Pre-Trauma Momma Me remembers the story of the two local boys, aged 10 & 8, who accidentally set fire to a scrap yard – where they had sprayed gasoline all around and then continued to play, completely oblivious to the danger – until the entire place exploded around them.   (One boy was burned over 98% of his body – you read that right, he survived – and the other 28%.)  Pre-Trauma Momma me remembers my judgement of those boys at that time.  “Well at least the trouble-makers were hurt instead of innocent people.”   “They deserved to get hurt doing what they did.”

Ouch.

It’s 25 years later, and those brothers are still alive.  25  years later, I am a mom to traumatized children.  I know a lot about kids who do things they shouldn’t do, regardless of how their parents try to parent them away from dangerous situations.  I am a parent of children whose 10 year old was doused in gasoline (thank God no fire) because the 8 year old broke into the neighbor’s garage and stole some, thinking it’d be fun to play with.  I am the lucky parent without burned children and whose house did not explode or whose child did not burn down the neighbor’s house with them inside accidentally.

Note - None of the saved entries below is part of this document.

Fixpoint subst {S} (xi : nat -> term S) (t : term S) : term S :=
  match t with
  | TVar i => TVar i
  | TSO a => xi a
  | TZero => TZero
  | TSucc a => TSucc (subst xi a)
  | TPlus a b => TPlus (subst xi a) (subst xi b)
  | TFun g args => TFun g (map (subst xi) args)
  end.

(* Value [a]^beta_J ; 0, s, + are interpreted in the standard way.
   (Second-order variables get value 0; evaluation is only used on terms
   without second-order variables.) *)
Fixpoint eval {S} (J : S -> list nat -> nat) (beta : nat -> nat) (t : term S)
  : nat :=
  match t with
  | TVar i => beta i
  | TSO _ => 0
  | TZero => 0
  | TSucc a => Datatypes.S (eval J beta a)
  | TPlus a b => eval J beta a + eval J beta b
  | TFun g args => J g (map (eval J beta) args)
  end.

(* J is an interpretation: each k-ary symbol g denotes a (total) weakly
   monotone function N^k -> N (represented on lists of length k). *)
Definition interpretation {S} (ar : S -> nat) (J : S -> list nat -> nat) : Prop :=
  forall g (l1 l2 : list nat),
    length l1 = ar g -> Forall2 le l1 l2 -> J g l1 <= J g l2.

Definition leJ {S} (J : S -> list nat -> nat) (a b : term S) : Prop :=
  forall beta : nat -> nat, eval J beta a <= eval J beta b.

(* Constraints of an SOCP: inequalities a <= b and occurrence constraints
   i \notin alpha. *)
Inductive constr (S : Type) : Type :=
| Le : term S -> term S -> constr S
| NotIn : nat -> nat -> constr S.

Arguments Le {S} _ _.
Arguments NotIn {S} _ _.

Definition socp (S : Type) := list (constr S).

Definition wf_socp {S} (ar : S -> nat) (Phi : socp S) : Prop :=
  forall a b, In (Le a b) Phi -> wf ar a /\ wf ar b.

Definition so_subst {S} (ar : S -> nat) (xi : nat -> term S) : Prop :=
  forall alpha, wf ar (xi alpha) /\ sovars (xi alpha) = [].

Definition is_model {S} (J : S -> list nat -> nat) (xi : nat -> term S)
  (Phi : socp S) : Prop :=
  (forall a b, In (Le a b) Phi -> leJ J (subst xi a) (subst xi b)) /\
  (forall i alpha, In (NotIn i alpha) Phi -> ~ In i (vars (xi alpha))).

Definition focp (S : Type) := list (term S * term S).

Definition satisfies {S} (J : S -> list nat -> nat) (Psi : focp S) : Prop :=
  forall a b, In (a, b) Psi -> leJ J a b.

(* V(beta): least family of sets with the two closure conditions.
   [inV Phi beta i] means i \in V(beta). *)
Inductive inV {S} (Phi : socp S) : nat -> nat -> Prop :=
| inV_var : forall a b beta i,
    In (Le a b) Phi -> In beta (sovars b) -> In i (vars a) -> inV Phi beta i
| inV_so : forall a b beta alpha i,
    In (Le a b) Phi -> In beta (sovars b) -> In alpha (sovars a) ->
    inV Phi alpha i -> inV Phi beta i.

Definition inSV {S} (Phi : socp S) (beta i : nat) : Prop :=
  inV Phi beta i /\ ~ In (NotIn i beta) Phi.

Definition enumerates_SV {S} (Phi : socp S) (sv : nat -> list nat) : Prop :=
  forall alpha, NoDup (sv alpha) /\ (forall i, In i (sv alpha) <-> inSV Phi alpha i).

(* Extended signature: original symbols (inl g) and skolem symbols
   f_alpha = inr alpha, of arity |SV(alpha)|. *)
Definition ar_sk {S} (ar : S -> nat) (sv : nat -> list nat) (g : S + nat) : nat :=
  match g with inl g' => ar g' | inr alpha => length (sv alpha) end.

Definition xi_sk {S} (sv : nat -> list nat) (alpha : nat) : term (S + nat) :=
  TFun (inr alpha) (map TVar (sv alpha)).

Definition lift_socp {S} (Phi : socp S) : socp (S + nat) :=
  map (fun c => match c with
                | Le a b => Le (rename inl a) (rename inl b)
                | NotIn i alpha => NotIn i alpha
                end) Phi.

Fixpoint sk {S} (sv : nat -> list nat) (Phi : socp S) : focp (S + nat) :=
  match Phi with
  | nil => nil
  | Le a b :: Phi' =>
      (subst (xi_sk sv) (rename inl a), subst (xi_sk sv) (rename inl b))
        :: sk sv Phi'
  | NotIn _ _ :: Phi' => sk sv Phi'
  end.

From Stdlib Require Import List Arith Lia ClassicalEpsilon ssreflect.

(* Soundness holds because the variables of [xi_sk alpha] are exactly SV(alpha),
   which omits every [i] with [i \notin alpha] in Phi.  For completeness, given a
   model (J, xi), interpret f_alpha as the map sending the values of SV(alpha) to
   the value of xi(alpha) under the assignment that takes these values on SV(alpha)
   and 0 elsewhere; this is monotone since J is.  To check a skolemised constraint
   a <= b at an assignment beta, evaluate the model's constraint at beta', equal to
   beta on the intersection of the V(gamma), gamma in SOVar(b), and 0 elsewhere.
   By monotonicity the skolemised a lies below a xi at beta' (the closure
   conditions of V put Var(a) and every SV(alpha), alpha in SOVar(a), inside that
   intersection), and b xi at beta' lies below the skolemised b (a variable of
   xi(gamma) lying in V(gamma) is in SV(gamma) by the occurrence constraints). *)

Section Terms.
Context {S : Type}.

Section TermInd.
Variable P : term S -> Prop.
Hypothesis P_var : forall i, P (TVar i).
Hypothesis P_so : forall alpha, P (TSO alpha).
Hypothesis P_zero : P TZero.
Hypothesis P_succ : forall a, P a -> P (TSucc a).
Hypothesis P_plus : forall a b, P a -> P b -> P (TPlus a b).
Hypothesis P_fun : forall g args, Forall P args -> P (TFun g args).

Fixpoint term_ind' (t : term S) : P t :=
  match t with
  | TVar i => P_var i
  | TSO alpha => P_so alpha
  | TZero => P_zero
  | TSucc a => P_succ a (term_ind' a)
  | TPlus a b => P_plus a b (term_ind' a) (term_ind' b)
  | TFun g args => P_fun g args
      ((fix go (l : list (term S)) : Forall P l :=
          match l with
          | nil => Forall_nil _
          | u :: l' => @Forall_cons _ P u l' (term_ind' u) (go l')
          end) args)
  end.
End TermInd.

Lemma vars_TFun g args : vars (TFun g args) = flat_map (@vars S) args.
Proof. by induction args as [|u args IH]; rewrite //= -IH. Qed.

Lemma sovars_TFun g args : sovars (TFun g args) = flat_map (@sovars S) args.
Proof. by induction args as [|u args IH]; rewrite //= -IH. Qed.

Lemma wf_TFun (ar : S -> nat) g args :
  wf ar (TFun g args) <-> length args = ar g /\ Forall (wf ar) args.
Proof.
  simpl; split; move=> [Hlen Hargs]; split=> //; clear Hlen.
  - elim: args Hargs => [|u args IH] //= [Hu Hargs].
    by constructor; last apply: IH.
  - by elim: Hargs => [|u us Hu _ IH] //=.
Qed.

The brothers from the fire have spent the last 25 years (after recovering) trying to help other kids who have been burned, and to help prevent kids from doing what they did.  Now in their mid 30’s, it’s still a message they continue to share.  The older boy, the one who was burned the worst, lost his arms and legs and endured over 100 surgeries as a 10 year old child.  This “trouble-maker” as I labeled him back then was placed into foster care with his brother after the incident by their mother (who couldn’t take care of two severely burned children and their younger siblings).  So here he is, basically his entire body burned, he’s awake, not in a coma, he knows his brother is hurt too, but he doesn’t get to see him, and he’s completely alone as he undergoes these horrible procedures burn victims go through.  And when he comes through it – he and his brother, now foster kids, now “nobody’s kids”, “trouble-makers”, start a campaign to help other kids, to prevent other kids from doing what they did.

And I judged them as deserving what they got.

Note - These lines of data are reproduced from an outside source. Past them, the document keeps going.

(* Let $n=1$ or let $n$ be a prime with $n\equiv 1\pmod{10}$, and let $d=17n-1$. Then there exists a Cayley graph of diameter two, degree $d$, and order $\frac{200}{289}(d+1)^2$ (i.e. with $200n^2$ vertices).
   Context: For a finite group $\Gamma$ and a generating set $X\subset\Gamma$ with $1_\Gamma\notin X$ and $X=X^{-1}$, the Cayley graph $\mathrm{Cay}(\Gamma,X)$ has vertex set $\Gamma$ and edges $\{g,h\}$ whenever $g^{-1}h\in X$; it is a simple undirected $|X|$-regular graph, and its degree is $|X|$. *)

From mathcomp Require Import all_boot all_order all_fingroup.
Set Implicit Arguments. Unset Strict Implicit. Unset Printing Implicit Defensive.
Local Open Scope group_scope.

Definition cayley_rel (gT : finGroupType) (X : {set gT}) : rel gT :=
  fun g h => g^-1 * h \in X.

Definition cayley_conn_set (gT : finGroupType) (X : {set gT}) : Prop :=
  [/\ 1 \notin X, X^-1 = X & <<X>> = [set: gT]].

Definition cayley_within (gT : finGroupType) (X : {set gT}) (k : nat) (g h : gT) : Prop :=
  exists p : seq gT, [&& path (cayley_rel X) g p, last g p == h & size p <= k].

Definition cayley_diameter (gT : finGroupType) (X : {set gT}) (k : nat) : Prop :=
  (forall g h : gT, cayley_within X k g h) /\
  (exists g h : gT, ~ cayley_within X k.-1 g h) /\ 0 < k.

From mathcomp Require Import all_boot all_order all_fingroup.
From HB Require Import structures.
From mathcomp Require Import all_algebra zify.
Set Implicit Arguments. Unset Strict Implicit. Unset Printing Implicit Defensive.
Import GRing.Theory.
Local Open Scope ring_scope.

(* Let K = Z_10 wr Z_2 (200 elements).  The group G = (V x Z_10) wr Z_2 is the
   semidirect product of V^2 with K acting by swapping coordinates.  Above each
   element y of an inverse-closed 16-element set Y of K put a line of V^2 (two
   lines meeting in 0 above the pure swap); the union X of these has
   15|V| + (2|V| - 1) elements.  Every k in K factors as y1 y2 with y1, y2 in Y
   so that the line above y1 and the y1-image of the line above y2 have
   directions whose determinant is between 1 and 10 in absolute value; when
   multiplication by 1, ..., 10 is injective on V these two lines span V^2, so
   X^2 = G.  The facts about K are finite checks. *)

Definition swap_if {T : Type} (s : bool) (x : T * T) : T * T :=
  if s then (x.2, x.1) else x.

Section Wreath.
Variable W : finZmodType.

Lemma swap_ifD s (x y : W * W) : swap_if s (x + y) = swap_if s x + swap_if s y.
Proof. by case: s. Qed.

Lemma swap_if_comp s t (x : W * W) : swap_if s (swap_if t x) = swap_if (s (+) t) x.
Proof. by case: s; case: t; case: x. Qed.

Definition wreath := (W * W * bool)%type.
HB.instance Definition _ := Finite.on wreath.

Definition wreath_mul (x y : wreath) : wreath := (x.1 + swap_if x.2 y.1, x.2 (+) y.2).
Definition wreath_one : wreath := (0, false).
Definition wreath_inv (x : wreath) : wreath := (- swap_if x.2 x.1, x.2).

Lemma wreath_mulA : associative wreath_mul.
Proof.
case=> a s [b t] [c u]; rewrite /wreath_mul /= swap_ifD swap_if_comp addrA.
by rewrite addbA.
Qed.

Lemma wreath_mul1 : left_id wreath_one wreath_mul.
Proof. by case=> a s; rewrite /wreath_mul /= add0r. Qed.

Lemma wreath_mulV : left_inverse wreath_one wreath_inv wreath_mul.
Proof. by case=> a s; rewrite /wreath_mul /wreath_inv /= addNr addbb. Qed.

HB.instance Definition _ :=
  Finite_isGroup.Build wreath wreath_mulA wreath_mul1 wreath_mulV.
End Wreath.

HB.instance Definition _ (V W : finZmodType) := GRing.Zmodule.on (V * W)%type.

Section Lines.
Variable V : finZmodType.

Definition line_pt (t : V) (b : int * int) : V * V := (t *~ b.1, t *~ b.2).
Definition line (b : int * int) : {set V * V} := [set line_pt t b | t : V].
Definition det2 (b c : int * int) : int := b.1 * c.2 - b.2 * c.1.

Lemma mem_line t b : line_pt t b \in line b.
Proof. exact: imset_f. Qed.

Lemma line_ptNl t b : line_pt (- t) b = - line_pt t b.
Proof. by rewrite /line_pt !mulNrz. Qed.

Lemma line_ptNr t b : line_pt t (- b.1, - b.2) = - line_pt t b.
Proof. by rewrite /line_pt /= !mulrNz. Qed.

Lemma swap_if_line_pt s t b : swap_if s (line_pt t b) = line_pt t (swap_if s b).
Proof. by case: s. Qed.

Lemma card_line b : injective (fun t : V => t *~ b.1) -> #|line b| = #|V|.
Proof. by move=> inj; rewrite card_imset // => t u [/inj]. Qed.

(* Cramer's rule, with [x *~ det2 b c] inverted by finiteness. *)
Lemma line_pt_span (b c : int * int) (w : V * V) :
  injective (fun x : V => x *~ det2 b c) ->
  exists t u, w = line_pt t b + line_pt u c.
Proof.
case: b c => [b1 b2] [c1 c2]; rewrite /det2 /=; set D := _ - _ => inj.
have [g _ gK] := injF_bij inj.
have gD y : g y *~ D = y := gK y.
exists (g (w.1 *~ c2 - w.2 *~ c1)), (g (w.2 *~ b1 - w.1 *~ b2)).
case: w => w1 w2; rewrite /line_pt /=; congr (_, _); apply: inj => /=.
  rewrite mulrzDl mulrzAC gD mulrzAC gD !mulrzBl -!mulrzA /D mulrzBr.
  by rewrite (mulrC c2 b1) (mulrC c1 b1) addrA (addrNK (w2 *~ (b1 * c1))).
rewrite mulrzDl mulrzAC gD mulrzAC gD !mulrzBl -!mulrzA /D mulrzBr.
by rewrite (mulrC c2 b2) (mulrC c1 b2) [RHS]addrC addrA (addrNK (w1 *~ (b2 * c2))).
Qed.
End Lines.
Arguments line {V} b.

Definition K := wreath 'Z_10.
Definition kel (a b : nat) (s : bool) : K := ((inZp a, inZp b), s).

(* The connection set lives above the 16 elements of K listed here; each comes
   with the direction(s) of the line(s) of [V * V] above it. *)
Definition Ytable : seq (K * seq (int * int)) :=
  [:: (kel 0 0 true, [:: (1, 1); (1, -1)]);
      (kel 3 5 true, [:: (3, -1)]); (kel 5 7 true, [:: (1, -3)]);
      (kel 0 5 true, [:: (3, -1)]); (kel 5 0 true, [:: (1, -3)]);
      (kel 5 1 true, [:: (1, -2)]); (kel 9 5 true, [:: (2, -1)]);
      (kel 2 1 true, [:: (2, -1)]); (kel 9 8 true, [:: (1, -2)]);
      (kel 1 8 true, [:: (1, 2)]);  (kel 2 9 true, [:: (2, 1)]);
      (kel 3 2 false, [:: (1, -1)]); (kel 7 8 false, [:: (1, -1)]);
      (kel 1 4 false, [:: (1, 3)]); (kel 9 6 false, [:: (1, 3)]);
      (kel 0 5 false, [:: (3, 1)])].

Definition Yseq : seq K := map fst Ytable.

(* The finite checks below run on this encoding of K by natural numbers:
   computing directly with ordinals is far too slow. *)
Definition natK := (nat * nat * bool)%type.
Definition encode (k : K) : natK := ((val k.1.1, val k.1.2), k.2).
Definition natK_mul (x y : natK) : natK :=
  let c := swap_if x.2 y.1 in (((x.1.1 + c.1) %% 10, (x.1.2 + c.2) %% 10)%N, x.2 (+) y.2).
Definition natK_inv (x : natK) : natK :=
  let c := swap_if x.2 x.1 in (((10 - c.1) %% 10, (10 - c.2) %% 10)%N, x.2).
Definition natK_enum : seq natK :=
  [seq (ab, s) | ab <- [seq (a, b) | a <- iota 0 10, b <- iota 0 10],
                 s <- [:: true; false]].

I am ashamed of my 25 years ago judgemental self, who lacked the compassion for 2 little boys who “should have known better” but didn’t, who gave no thought at all to the future of these two little boys and where they might end up.

It also makes me realize that people that judge my kids, my family, not knowing what my kids have been through, not knowing what my kids are going through, not knowing how we are parenting our kids and how hard we are trying to get them on the right track, to help them see the bigger picture, these people are only judging from that one snapshot, that one event that they see in our lives.  They don’t know what they don’t know, what they haven’t experienced.  And maybe they too will be looking back in that moment years from now and be horrified by their thoughts and actions in that moment of time.  So maybe I can allow some grace to them, having stood in their shoes myself.  I can try, at least.